Just finished watching the movie "Eat, Pray, Love" and was reminded to be mindful. All the things I learned from reading "Women, Food and God" came back to remind me to enjoy the entire meal, from prep to eating.
I made a creation for dinner tonight, made poor man's spaghetti sauce but it was damn flavorful and delicious. I didn't have all the vegetables my mother would have used, but I did a good job filling in with what I do have and it. was. amazing.
All the things I've been reading, learning and incorporating into my life are helping to create a much more peaceful space, one where I can stop and smell the roses. One with less guilt, less stress and whole lot more love, happiness and smiles. It's good to be me again.
I'm down from 277 to 249 as of this morning...28 pounds in 37 days. Not bad! Not starving AT ALL, feel GREAT and the best part?

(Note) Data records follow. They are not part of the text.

(* Let $T$ be a finite tree rooted at a vertex $r$, and let $\omega: V(T)\to [0,\infty)$ be a nonnegative weight function with $\omega(T)=\sum_{v\in V(T)}\omega(v)=1$. Then at least one of the following holds: (i) there is a vertex $u\in V(T)$ such that the unique $(r,u)$-path $P$ in $T$ satisfies $\omega(P)\ge \frac13$; (ii) there exist unrelated sets $A,B\subseteq V(T)$ with $\omega(A)\ge\frac13$ and $\omega(B)\ge\frac13$. Moreover, the constant $\frac13$ is best possible: for every real $c>\frac13$ there exist a finite tree $T$ rooted at $r$ and a nonnegative weight function $\omega$ on $V(T)$ with $\omega(T)=1$ such that every $(r,u)$-path $P$ ($u\in V(T)$) has $\omega(P)<c$ and every pair of unrelated sets $A,B\subseteq V(T)$ has $\min\{\omega(A),\omega(B)\}<c$.
   Context: Let $T$ be a tree rooted at $r$. A vertex $y$ is a descendant of a vertex $x$ if $x$ lies on the unique $(r,y)$-path in $T$ (so every vertex is a descendant of itself). Two vertices of $T$ are related if one is a descendant of the other; otherwise they are unrelated. Two subsets $A,B\subseteq V(T)$ are unrelated if every $a\in A$ and every $b\in B$ are unrelated (in particular $A\cap B=\emptyset$). For $S\subseteq V(T)$, $\omega(S)=\sum_{s\in S}\omega(s)$, and for a subgraph $H$ of $T$, $\omega(H)=\omega(V(H))$. *)

From HB Require Import structures.
From mathcomp Require Import all_boot all_order all_algebra.
Set Implicit Arguments. Unset Strict Implicit. Unset Printing Implicit Defensive.
Import Order.TTheory GRing.Theory Num.Theory.

(* A finite rooted tree on vertex set T (a finType) is given by a parent map
   [par] and a root [r]: the root is its own parent and every vertex reaches
   the root by iterating [par].  (Such a map is automatically acyclic off r,
   and the graph with edges {v, par v}, v <> r, is a tree rooted at r.) *)
Definition rooted_tree (T : finType) (par : T -> T) (r : T) : Prop :=
  par r = r /\ forall v : T, exists k : nat, iter k par v = r.

(* Since the
   depth of any vertex is < #|T|, bounding k by #|T| loses nothing. *)
Definition desc (T : finType) (par : T -> T) (x y : T) : bool :=
  [exists k : 'I_#|T|, iter k par y == x].

Definition related (T : finType) (par : T -> T) (x y : T) : bool :=
  desc par x y || desc par y x.

Definition unrelated_sets (T : finType) (par : T -> T) (A B : {set T}) : Prop :=
  forall a b, a \in A -> b \in B -> ~~ related par a b.

Definition root_path (T : finType) (par : T -> T) (u : T) : {set T} :=
  [set x | desc par x u].

Definition wt (R : numDomainType) (T : finType) (w : T -> R) (S : {set T}) : R :=
  (\sum_(s in S) w s)%R.

From HB Require Import structures.
From mathcomp Require Import all_boot all_order all_algebra zify lra.
Import Order.TTheory GRing.Theory Num.Theory.
Set Implicit Arguments. Unset Strict Implicit. Unset Printing Implicit Defensive.
Local Open Scope ring_scope.

(* Order the vertices depth-first, by comparing their downward root paths
   lexicographically.  Every subtree is then an interval of this order starting
   at its root, so for any vertex v the vertices from v on and the vertices
   before v that are not ancestors of v form two unrelated sets, which together
   with the (r, v)-path cover T.  Take v last such that the vertices from v on
   weigh at least 1/3: those strictly after v weigh less than 1/3, so if the
   (r, v)-path is light too, the vertices before v off the path weigh more than
   1/3.  A star with three leaves of weight 1/3 shows that 1/3 is optimal. *)

Lemma lexi_prefix d (O : orderType d) (p s : seq O) :
  prefix p s -> (p <= s :> seqlexi O)%O.
Proof.
elim: p s => [|x p IHp] [|y s] //; rewrite prefix_cons => /andP[/eqP <- /IHp].
by rewrite eqhead_lexiE.
Qed.

Lemma lexi_prefix_convex d (O : orderType d) (p s t : seq O) :
  (p <= s :> seqlexi O)%O -> (s <= p ++ t :> seqlexi O)%O -> prefix p s.
Proof.
elim: p s => [|x p IHp] [|y s] //; rewrite !lexi_cons prefix_cons.
case/andP=> xy /implyP ps /andP[yx /implyP sp].
have xy' : x = y by apply/eqP; rewrite eq_le xy yx.
by rewrite xy' eqxx IHp ?ps ?sp // xy'.
Qed.

Section WeightCut.
Variables (R : realDomainType) (T : finType) (d : Order.disp_t) (O : orderType d).
Variables (key : T -> O) (w : T -> R) (c : R).

Definition key_ge (v : T) : {set T} := [set x | (key v <= key x)%O].
Definition key_gt (v : T) : {set T} := [set x | (key v < key x)%O].

Lemma exists_weight_cut (x0 : T) : 0 < c -> c <= wt w (key_ge x0) ->
  exists v, c <= wt w (key_ge v) /\ wt w (key_gt v) < c.
Proof.
move=> c_gt0 heavy_x0.
have [v heavy_v v_max] := @arg_maxP _ _ _ x0 (fun v => c <= wt w (key_ge v)) key heavy_x0.
exists v; split => //; rewrite ltNge; apply/negP => heavy_gt.
have [x1 x1_gt] : exists x1, (key v < key x1)%O.
  have /set0Pn[x1] : key_gt v != set0.
    by apply: contraTneq heavy_gt => ->; rewrite /wt big_set0 -ltNge.
  by rewrite inE; exists x1.
have [v' v'_gt v'_min] := @arg_minP _ _ _ x1 (fun y => key v < key y)%O key x1_gt.
have ge_v' : key_ge v' = key_gt v.
  apply/setP => x; rewrite !inE; apply/idP/idP; last exact: v'_min.
  exact: lt_le_trans.
by have := v_max v'; rewrite ge_v' => /(_ heavy_gt)/(lt_le_trans v'_gt); rewrite ltxx.
Qed.
End WeightCut.

Section RootedTree.
Variables (T : finType) (par : T -> T) (r : T).
Hypothesis tree : rooted_tree par r.

Lemma iter_root k : iter k par r = r.
Proof. by case: tree => par_r _; elim: k => //= k ->. Qed.

Lemma reaches_root v : exists k, iter k par v == r.
Proof. by case: tree => _ /(_ v) [k <-]; exists k. Qed.

Definition depth v := ex_minn (reaches_root v).

Lemma iter_depth v : iter (depth v) par v = r.
Proof. by rewrite /depth; case: ex_minnP => k /eqP. Qed.

Lemma depth_le v k : iter k par v = r -> (depth v <= k)%N.
Proof. by rewrite /depth; case: ex_minnP => m _ min_m /eqP /min_m. Qed.

Lemma iter_minn_depth v k : iter k par v = iter (minn k (depth v)) par v.
Proof.
case: (leqP (depth v) k) => // dk.
by rewrite -(subnK dk) iterD iter_depth iter_root.
Qed.

Definition ancestors v := traject par v (depth v).+1.

Lemma uniq_ancestors v : uniq (ancestors v).
Proof.
rewrite /ancestors looping_uniq /looping iter_depth.
by apply/trajectP => -[i lt_i /esym/depth_le]; rewrite leqNgt lt_i.
Qed.

Lemma depth_lt_card v : (depth v < #|T|)%N.
Proof.
have /card_uniqP := uniq_ancestors v.
by rewrite size_traject => <-; apply: max_card.
Qed.

Lemma descE x y : desc par x y = (x \in ancestors y).
Proof.
apply/existsP/trajectP => [[k /eqP <-]|[i lt_i ->]].
  by exists (minn k (depth y)); rewrite ?ltnS ?geq_minr // -iter_minn_depth.
by exists (Ordinal (leq_trans lt_i (depth_lt_card y))).
Qed.

Lemma desc_refl x : desc par x x.
Proof. by rewrite descE /ancestors trajectS mem_head. Qed.

Lemma desc_root x : desc par r x.
Proof. by rewrite descE; apply/trajectP; exists (depth x); rewrite ?iter_depth. Qed.

Lemma depth_iter v i : (i <= depth v)%N -> depth (iter i par v) = (depth v - i)%N.
Proof.
move=> le_i; apply/eqP; rewrite eqn_leq; apply/andP; split.
  by apply: depth_le; rewrite -iterD subnK ?iter_depth.
have : (depth v <= depth (iter i par v) + i)%N by apply: depth_le; rewrite iterD iter_depth.
lia.
Qed.

Lemma ancestors_desc x y :
  desc par x y -> exists s, ancestors y = s ++ ancestors x.
Proof.
rewrite descE => /trajectP[i lt_i ->]; exists (traject par y i).
by rewrite /ancestors -trajectD depth_iter // -subSn // subnKC // ltnW.
Qed.

Definition code v : seqlexi nat := rev [seq val (enum_rank u) | u <- ancestors v].

Lemma code_inj : injective code.
Proof.
move=> x y; rewrite /code /ancestors !trajectS /= !rev_cons.
by move=> /(congr1 (last 0%N)); rewrite !last_rcons => /val_inj/enum_rank_inj.
Qed.

Lemma prefix_codeE x y : prefix (code x) (code y) = desc par x y.
Proof.
apply/idP/idP => [/prefixP[t code_y] | /ancestors_desc[s anc_y]].
  have : val (enum_rank x) \in code y.
    rewrite code_y mem_cat /code mem_rev (map_f (fun u => val (enum_rank u))) //.
    by rewrite /ancestors trajectS mem_head.
  by rewrite mem_rev descE => /mapP[u u_anc /val_inj/enum_rank_inj ->].
by rewrite /code anc_y map_cat rev_cat prefix_prefix.
Qed.

Lemma desc_code_le x y : desc par x y -> (code x <= code y)%O.
Proof. by rewrite -prefix_codeE; apply: lexi_prefix. Qed.

Lemma desc_code_between x y v :
  desc par x y -> (code x <= code v <= code y)%O -> desc par x v.
Proof.
rewrite -!prefix_codeE => /prefixP[t ->] /andP[xv vy].
exact: lexi_prefix_convex vy.
Qed.

Definition left_of v : {set T} := [set x | (code x < code v)%O && ~~ desc par x v].

Lemma unrelated_left_of v : unrelated_sets par (left_of v) (key_ge code v).
Proof.
move=> a b; rewrite !inE => /andP[av a_nv] vb; rewrite /related negb_or.
apply/andP; split.
  by apply: contra a_nv => ab; apply: (desc_code_between ab); rewrite (ltW av).
by apply/negP => /desc_code_le ba; have := le_lt_trans (le_trans vb ba) av; rewrite ltxx.
Qed.

Lemma left_of_cover v x :
  [|| x \in left_of v, x \in root_path par v | x \in key_gt code v].
Proof.
rewrite !inE; case: (ltgtP (code x) (code v)) => [_|_|/code_inj ->].
- by case: (desc par x v); rewrite ?orbT.
- by rewrite !orbT.
- by rewrite desc_refl orbT.
Qed.

Lemma unrelated_sets_sym (A B : {set T}) :
  unrelated_sets par A B -> unrelated_sets par B A.
Proof. by move=> unrel_AB b a bB aA; rewrite /related orbC; apply: unrel_AB. Qed.

Lemma unrelated_sets_disjoint (A B : {set T}) :
  unrelated_sets par A B -> A :&: B = set0.
Proof.
move=> unrel_AB; apply/setP => x; rewrite !inE; apply/negP => /andP[xA xB].
by have := unrel_AB x x xA xB; rewrite /related desc_refl.
Qed.

Lemma unrelated_sets_root (A B : {set T}) :
  unrelated_sets par A B -> r \in A -> B = set0.
Proof.
move=> unrel_AB rA; apply/setP => x; rewrite inE; apply/negP => xB.
by have := unrel_AB r x rA xB; rewrite /related desc_root.
Qed.

End RootedTree.

Section Weights.
Variables (R : realFieldType) (T : finType) (w : T -> R).
Hypothesis w_ge0 : forall v, 0 <= w v.

Lemma wt_le_cover3 (S A B C : {set T}) :
  (forall x, x \in S -> [|| x \in A, x \in B | x \in C]) ->
  wt w S <= wt w A + wt w B + wt w C.
Proof.
move=> cover; rewrite /wt !(big_mkcond (fun s => s \in _)) -!big_split /=.
apply: ler_sum => x _; have := w_ge0 x.
case xS: (x \in S); last by case: (x \in A); case: (x \in B); case: (x \in C) => /= ?; lra.
by move: (cover x xS); case: (x \in A); case: (x \in B); case: (x \in C) => //= _ ?; lra.
Qed.

Lemma root_path_or_unrelated_pair (par : T -> T) (r : T) (c : R) :
  rooted_tree par r -> 0 < c -> c *+ 3 <= \sum_v w v ->
  (exists u, c <= wt w (root_path par u))
  \/ (exists A B : {set T}, unrelated_sets par A B /\ c <= wt w A /\ c <= wt w B).
Proof.
move=> tree c_gt0 heavy_T.
have [/existsP[u heavy_u] | /existsPn light] :=
  boolP [exists u, c <= wt w (root_path par u)]; first by left; exists u.
right.
have total : wt w [set: T] = \sum_v w v by apply: eq_bigl => x; rewrite inE.
have ge_root : key_ge (code tree) r = [set: T].
  by apply/setP => x; rewrite !inE desc_code_le ?desc_root.
have [v [heavy_v light_gt]] : exists v, c <= wt w (key_ge (code tree) v)
    /\ wt w (key_gt (code tree) v) < c.
  by apply: (exists_weight_cut (x0 := r)) => //; rewrite ge_root total; lra.
exists (left_of tree v), (key_ge (code tree) v); do !split => //.
  exact: unrelated_left_of.
have := wt_le_cover3 (S := [set: T]) (fun x _ => left_of_cover tree v x).
by rewrite total; move: (light v); rewrite -ltNge; lra.
Qed.

End Weights.

Lemma natrV_mulrn (F : numFieldType) n : (0 < n)%N -> (n%:R : F)^-1 *+ n = 1.
Proof. by move=> n_gt0; rewrite -(mulr_natr (n%:R^-1)) mulVf ?pnatr_eq0 -?lt0n. Qed.

Section Star.
Variable R : realFieldType.

Definition star_par (_ : 'I_4) : 'I_4 := ord0.
Definition star_wt (i : 'I_4) : R := if i == ord0 then 0 else 3^-1.

Lemma star_rooted : rooted_tree star_par ord0.
Proof. by split=> // v; exists 1%N. Qed.

Lemma star_desc x y : desc star_par x y = (x == y) || (x == ord0).
Proof.
have lt0 : (0 < #|'I_4|)%N by rewrite card_ord.
have lt1 : (1 < #|'I_4|)%N by rewrite card_ord.
apply/existsP/orP => [[[[|k] k_lt] /eqP <-]|]; [by left | by right|].
by case=> /eqP ->; [exists (Ordinal lt0) | exists (Ordinal lt1)].
Qed.

Lemma star_wt_ge0 i : 0 <= star_wt i.
Proof. by rewrite /star_wt; case: ifP; rewrite ?invr_ge0 ?ler0n. Qed.

Lemma wt_star_leaves (S : {set 'I_4}) : ord0 \notin S -> wt star_wt S = 3^-1 *+ #|S|.
Proof.
move=> S0; rewrite /wt -sumr_const; apply: eq_bigr => i iS; rewrite /star_wt ifF //.
by apply: contraNF S0 => /eqP <-.
Qed.

Lemma star_wt_sum : \sum_i star_wt i = 1.
Proof.
have -> : \sum_i star_wt i = star_wt ord0 + wt star_wt [set~ ord0].
  by rewrite (bigD1 ord0) //=; congr (_ + _); apply: eq_bigl => i; rewrite !inE.
rewrite wt_star_leaves ?setC11 // cardsC1 card_ord /star_wt /= add0r.
exact: natrV_mulrn.
Qed.

Lemma star_root_path u : wt star_wt (root_path star_par u) <= 3^-1.
Proof.
apply: le_trans (@wt_le_cover3 _ _ _ star_wt_ge0 _ [set u] [set ord0] set0 _) _.
  by move=> x; rewrite !inE star_desc orbF.
rewrite /wt !big_set1 big_set0 [star_wt ord0]/star_wt /= !addr0 /star_wt.
by case: ifP; rewrite ?invr_ge0 ?ler0n.
Qed.

Lemma star_unrelated (A B : {set 'I_4}) : unrelated_sets star_par A B ->
  Num.min (wt star_wt A) (wt star_wt B) <= 3^-1.
Proof.
move=> unrel_AB; have wt0 : wt star_wt set0 = 0 by rewrite /wt big_set0.
have third_ge0 : (0 : R) <= 3^-1 by rewrite invr_ge0 ler0n.
have [A0|A0] := boolP (ord0 \in A).
  by rewrite (unrelated_sets_root star_rooted unrel_AB A0) wt0 ge_min third_ge0 orbT.
have [B0|B0] := boolP (ord0 \in B).
  by rewrite (unrelated_sets_root star_rooted (unrelated_sets_sym unrel_AB) B0) wt0 ge_min third_ge0.
have cardAB : (#|A| + #|B| <= 3)%N.
  rewrite -cardsUI (unrelated_sets_disjoint star_rooted unrel_AB) cards0 addn0.
  have : A :|: B \subset [set~ ord0].
    by apply/subsetP => x; rewrite !inE; case/orP; apply: contraTneq => ->.
  by move/subset_leq_card; rewrite cardsC1 card_ord.
rewrite !wt_star_leaves // ge_min.
have small k : (k <= 1)%N -> (3^-1 : R) *+ k <= 3^-1.
  by case: k => [|[|]] //= _; rewrite ?mulr0n.
by case: (leqP #|A| 1) => [/small -> // | ?]; rewrite (small #|B|) ?orbT //; lia.
Qed.

End Star.

Theorem theorem2 (R : archiRealFieldType) :
  (forall (T : finType) (par : T -> T) (r : T) (w : T -> R),
     rooted_tree par r ->
     (forall v, 0 <= w v) ->
     \sum_(v : T) w v = 1 ->
     (exists u : T, wt w (root_path par u) >= 3^-1)
     \/ (exists A B : {set T}, unrelated_sets par A B /\
           wt w A >= 3^-1 /\ wt w B >= 3^-1))
  /\
  (forall c : R, 3^-1 < c ->
     exists (T : finType) (par : T -> T) (r : T) (w : T -> R),
       [/\ rooted_tree par r,
           (forall v, 0 <= w v),
           \sum_(v : T) w v = 1,
           (forall u : T, wt w (root_path par u) < c) &
           (forall A B : {set T}, unrelated_sets par A B ->
              Num.min (wt w A) (wt w B) < c)]).
Proof.
split=> [T par r w tree w_ge0 total | c third_lt_c].
  apply: (root_path_or_unrelated_pair w_ge0 tree); first by rewrite invr_gt0 ltr0n.
  by rewrite total natrV_mulrn.
exists 'I_4, star_par, ord0, (@star_wt R); split.
- exact: star_rooted.
- exact: star_wt_ge0.
- exact: star_wt_sum.
- by move=> u; apply: le_lt_trans (star_root_path R u) third_lt_c.
- by move=> A B /(star_unrelated R) min_le; apply: le_lt_trans min_le third_lt_c.
Qed.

My blood pressure is healthy again. No meds!
Currently, my short term goal is to be close to 230 by the end of May. I want to be able to walk around Seattle and enjoy the city a bit without knee or hip or back pain. I want to be unconcerned about how I fit into the airplane seat. And I'm well on my way.
Only thing I've been lax about is exercise and when I do get out and move, I'm reminded of how out of shape I've let myself become again. How difficult it is to do things that were easy just a couple years ago. I also remember how I got to the point they were easy and so that has given me the motivation I need to keep going, once I start.
So the next few weeks will mean more moving. LOT'S more moving. Less computing, less facebooking...detaching from this box I'm typing on and getting into the world. I'll post about as often as I am, unless I have some huge AHA! moment to share.
Just know, if you're reading this and struggling with some addiction, whether it's food related, cigarettes, drugs or something else...recovery is a journey too. You'll fall down sometimes...but each time you fall is a chance to learn about yourself and what makes you tick. A chance to look inside and make changes where you want to, changes that don't come easy or go away in the blink of an eye. Changes that come with stumbling and grasping and choking and stomping...but the changes come...you can get healthy, whatever that means to you.
For me, it means being the best me I can be, whatever size I wear. As long as I'm healthy (which I am not at the moment) the rest will take care of itself.